# My Archer Fish



## sivakv (Aug 6, 2010)

Hello

I have an archer, about an inch or so, and he tends to darken the lower half of his body at times, and at times it is clear silver. Any clues as to whether there is a problem ? He eats well, very aware of people around hence darts across and so on. He is in a 6ftx2ftx2ft tank and his tank mates are tinfoil, gorami, paradise, synodontis, redtail shark.

Aquarium Gallery - Archer

Warm Regards
Siva


----------



## jrman83 (Jul 9, 2010)

Have you read about their characteristics? Maybe this is something they do on their own? He looks healthy from that pic.


----------



## tinman (Nov 3, 2009)

i dont know about archer fish to answer this question but my honey gaurami does this same thing 

he completely blacks from nose and all along bottom when he is super happy or whn he is getting ready to fight  

may be archer fish coloration works the same way


----------



## phys (Feb 4, 2011)

probably does it as some kind of defensive show or change of mood.
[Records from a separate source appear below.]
(* Let $\mathcal{J}$ be a Jordan algebra of finite dimension $n$ over a field $\mathcal{F}$ of characteristic different from $2$, let $\Lambda=(\lambda_{i,j})_{i,j=1,\dots,n}$ be an $n\times n$ matrix all of whose entries are non-zero elements of $\mathcal{F}$, and let $\mathcal{V}$ be a basis of $\mathcal{J}$. Let $\Delta:\mathcal{J}\to\mathcal{J}$ be a map such that for every $x,y\in\mathcal{J}$ there is a derivation $D_{x,y}$ of $\mathcal{J}$ which is $\Lambda$-symmetric with respect to $\mathcal{V}$ and satisfies $\Delta(x)=D_{x,y}(x)$ and $\Delta(y)=D_{x,y}(y)$. Then $\Delta$ is a derivation.
   Context: A derivation of $\mathcal{J}$ is a linear map $D$ with $D(xy)=D(x)y+xD(y)$ for all $x,y$. For a linear map $\psi$ on $\mathcal{J}$ and the ordered basis $\mathcal{V}=(v_1,\dots,v_n)$, the matrix of $\psi$ is $(x_{i,j})$ with $\psi(v_j)=\sum_i x_{i,j}v_i$; $\psi$ is $\Lambda$-symmetric with respect to $\mathcal{V}$ if this matrix equals $(\lambda_{i,j}a_{i,j})_{i,j}$ for some symmetric matrix $(a_{i,j})$. *)

From mathcomp Require Import all_boot all_algebra.
Set Implicit Arguments. Unset Strict Implicit. Unset Printing Implicit Defensive.
Import GRing.Theory.
Local Open Scope ring_scope.

Definition bilinear_mul (F : fieldType) (J : vectType F) (mul : J -> J -> J) :=
  (forall x, linear (mul x)) /\ (forall y, linear (mul^~ y)).

Definition is_jordan_algebra (F : fieldType) (J : vectType F) (mul : J -> J -> J) :=
  [/\ bilinear_mul mul,
      (forall x y, mul x y = mul y x) &
      (forall x y, mul (mul x y) (mul x x) = mul x (mul y (mul x x)))].

Definition is_derivation (F : fieldType) (J : vectType F) (mul : J -> J -> J)
    (D : J -> J) :=
  linear D /\ forall x y, D (mul x y) = mul (D x) y + mul x (D y).

Definition mx_of_map (F : fieldType) (J : vectType F) (n : nat)
    (V : n.-tuple J) (psi : J -> J) : 'M[F]_n :=
  \matrix_(i < n, j < n) coord V i (psi (tnth V j)).

Definition Lambda_symmetric (F : fieldType) (J : vectType F) (n : nat)
    (Lam : 'M[F]_n) (V : n.-tuple J) (psi : J -> J) :=
  exists A : 'M[F]_n, A^T = A /\
    mx_of_map V psi = \matrix_(i < n, j < n) (Lam i j * A i j).

From mathcomp Require Import all_boot all_algebra.
From HB Require Import structures.
From mathcomp Require Import ring.
Set Implicit Arguments.
Unset Strict Implicit.
Local Open Scope ring_scope.
Import GRing.Theory.

(* Linearity: if D is a derivation agreeing with Delta at x and at v_i, then
   Lambda-symmetry expresses the i-th coordinate of D x = Delta x through x and
   the coordinates of D v_i = Delta v_i alone, so each coordinate of Delta x is a
   fixed linear form in x.  Leibniz rule: comparing Delta with a derivation at z
   and z z gives Delta (z z) = 2 z Delta z, which polarizes since char F <> 2. *)

Section LambdaSymmetric.

Variables (F : fieldType) (J : vectType F) (n : nat) (Lam : 'M[F]_n) (V : n.-tuple J).

Lemma Lambda_symmetric_coord (psi : J -> J) (i j : 'I_n) :
  Lam j i != 0 -> Lambda_symmetric Lam V psi ->
  coord V i (psi (tnth V j)) = Lam i j / Lam j i * coord V j (psi (tnth V i)).
Proof.
move=> Lji_neq0 [A [symA psiE]].
have entry k l : coord V k (psi (tnth V l)) = Lam k l * A k l.
  by have := congr1 (fun M : 'M[F]_n => M k l) psiE; rewrite /mx_of_map !mxE.
have symA_ij : A i j = A j i by rewrite -[in LHS]symA mxE.
by rewrite !entry symA_ij mulrA divfK.
Qed.

Lemma Lambda_symmetric_linear_coord (psi : J -> J) (i : 'I_n) (x : J) :
  basis_of fullv V -> (forall j, Lam j i != 0) ->
  linear psi -> Lambda_symmetric Lam V psi ->
  coord V i (psi x) =
    \sum_(j < n) coord V j x * (Lam i j / Lam j i * coord V j (psi (tnth V i))).
Proof.
move=> baseV Lam_neq0 psi_lin psi_sym.
pose psiL : {linear J -> J} := HB.pack psi (GRing.isLinear.Build _ _ _ _ psi psi_lin).
rewrite {1}(coord_basis baseV (memvf x)) -[psi _]/(psiL _) !linear_sum.
apply: eq_bigr => j _; rewrite !linearZ /= -tnth_nth.
by rewrite (Lambda_symmetric_coord (Lam_neq0 j) psi_sym).
Qed.

Lemma locally_Lambda_symmetric_linear (Delta : J -> J) :
  basis_of fullv V -> (forall i j, Lam i j != 0) ->
  (forall x (i : 'I_n), exists psi : J -> J,
      [/\ linear psi, Lambda_symmetric Lam V psi,
          Delta x = psi x & Delta (tnth V i) = psi (tnth V i)]) ->
  linear Delta.
Proof.
move=> baseV Lam_neq0 Delta_loc.
pose c i j := Lam i j / Lam j i * coord V j (Delta (tnth V i)).
have DeltaE x : Delta x = \sum_(i < n) (\sum_(j < n) coord V j x * c i j) *: tnth V i.
  rewrite {1}(coord_basis baseV (memvf (Delta x))).
  apply: eq_bigr => i _; rewrite -tnth_nth; congr (_ *: _).
  have [psi [psi_lin psi_sym -> psi_vi]] := Delta_loc x i.
  rewrite (Lambda_symmetric_linear_coord _ baseV) //.
  by apply: eq_bigr => j _; rewrite /c psi_vi.
move=> a x y; rewrite !DeltaE scaler_sumr -big_split; apply: eq_bigr => i _.
rewrite /= scalerA -scalerDl mulr_sumr -big_split /=; congr (_ *: _).
by apply: eq_bigr => j _; rewrite linearP /=; ring.
Qed.

End LambdaSymmetric.

Lemma polarization_eq0 (F : fieldType) (U W : lmodType F) (B : U -> U -> W) :
  2%:R != 0 :> F ->
  (forall x y z, B (x + y) z = B x z + B y z) ->
  (forall x y, B x y = B y x) ->
  (forall z, B z z = 0) ->
  forall x y, B x y = 0.
Proof.
move=> two_neq0 B_addl B_sym B_diag x y.
have B_addr z u v : B z (u + v) = B z u + B z v by rewrite !(B_sym z) B_addl.
have := B_diag (x + y); rewrite B_addl !B_addr !B_diag add0r addr0 (B_sym y x).
by move/eqP; rewrite -mulr2n -scaler_nat scaler_eq0 (negPf two_neq0) => /eqP.
Qed.

Section SquareRule.

Variables (F : fieldType) (J : lmodType F) (mul : J -> J -> J).
Hypotheses (mul_addl : forall x y z, mul (x + y) z = mul x z + mul y z)
           (mulC : forall x y, mul x y = mul y x).

Lemma derivation_sqr (D : J -> J) :
  (forall x y, D (mul x y) = mul (D x) y + mul x (D y)) ->
  forall z, D (mul z z) = mul z (D z) *+ 2.
Proof. by move=> D_leibniz z; rewrite D_leibniz mulC mulr2n. Qed.

Lemma sqr_rule_leibniz (Delta : J -> J) :
  2%:R != 0 :> F -> linear Delta ->
  (forall z, Delta (mul z z) = mul z (Delta z) *+ 2) ->
  forall x y, Delta (mul x y) = mul (Delta x) y + mul x (Delta y).
Proof.
move=> two_neq0 Delta_lin Delta_sqr x y; apply/eqP; rewrite -subr_eq0; apply/eqP.
pose B u v := Delta (mul u v) - (mul (Delta u) v + mul u (Delta v)).
have Delta_add := (GRing.semilinear_linear Delta_lin).2.
suff: B x y = 0 by [].
apply: (polarization_eq0 two_neq0) => [u v w|u v|z].
- by rewrite /B mul_addl !Delta_add !mul_addl [RHS]addrACA -opprD [in RHS]addrACA.
- by rewrite /B mulC (mulC (Delta u)) (mulC u) [mul v _ + _]addrC.
- by rewrite /B Delta_sqr (mulC (Delta z)) -mulr2n subrr.
Qed.

End SquareRule.

Theorem theorem3p1 (F : fieldType) (J : vectType F) (mul : J -> J -> J)
    (n : nat) (Lam : 'M[F]_n) (V : n.-tuple J) (Delta : J -> J) :
  (2%N) \notin [pchar F] ->
  is_jordan_algebra mul ->
  \dim (fullv : {vspace J}) = n ->
  basis_of fullv V ->
  (forall i j, Lam i j != 0) ->
  (forall x y : J, exists D : J -> J,
      [/\ is_derivation mul D, Lambda_symmetric Lam V D,
          Delta x = D x & Delta y = D y]) ->
  is_derivation mul Delta.
Proof.
move=> char2 [[_ mul_linl] mulC _] _ baseV Lam_neq0 Delta_loc.
have two_neq0 : 2%:R != 0 :> F by apply: contra char2 => two_eq0; rewrite inE two_eq0.
have mul_addl x y z : mul (x + y) z = mul x z + mul y z.
  exact: (GRing.semilinear_linear (mul_linl z)).2.
have Delta_lin : linear Delta.
  apply: (locally_Lambda_symmetric_linear baseV Lam_neq0) => x i.
  have [D [[D_lin _] D_sym Dx Dvi]] := Delta_loc x (tnth V i).
  by exists D.
split=> //; apply: (sqr_rule_leibniz mul_addl mulC two_neq0 Delta_lin) => z.
have [D [[_ D_leibniz] _ Dz Dzz]] := Delta_loc z (mul z z).
by rewrite Dzz (derivation_sqr mulC D_leibniz) Dz.
Qed.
Other times it could be what kind of background he's around.. just to blend in a bit. sounds like it may use that as he goes in shade/lighted areas... but its just a guess.


----------



## Mrmike (Apr 1, 2011)

Archers do prefer brackish..... just saying.


----------



## sivakv (Aug 6, 2010)

True Archer is a brackish water fish, but what i found was, it swims across to totally fresh and can also handle salty water. Apart from the bottom half getting dark at times, he is perfectly normal. 

In case anyone in this group maintained in their aquarium, an archer, would help in understanding their observations as well. Appears Archer may not be commonly kept in aquariums


----------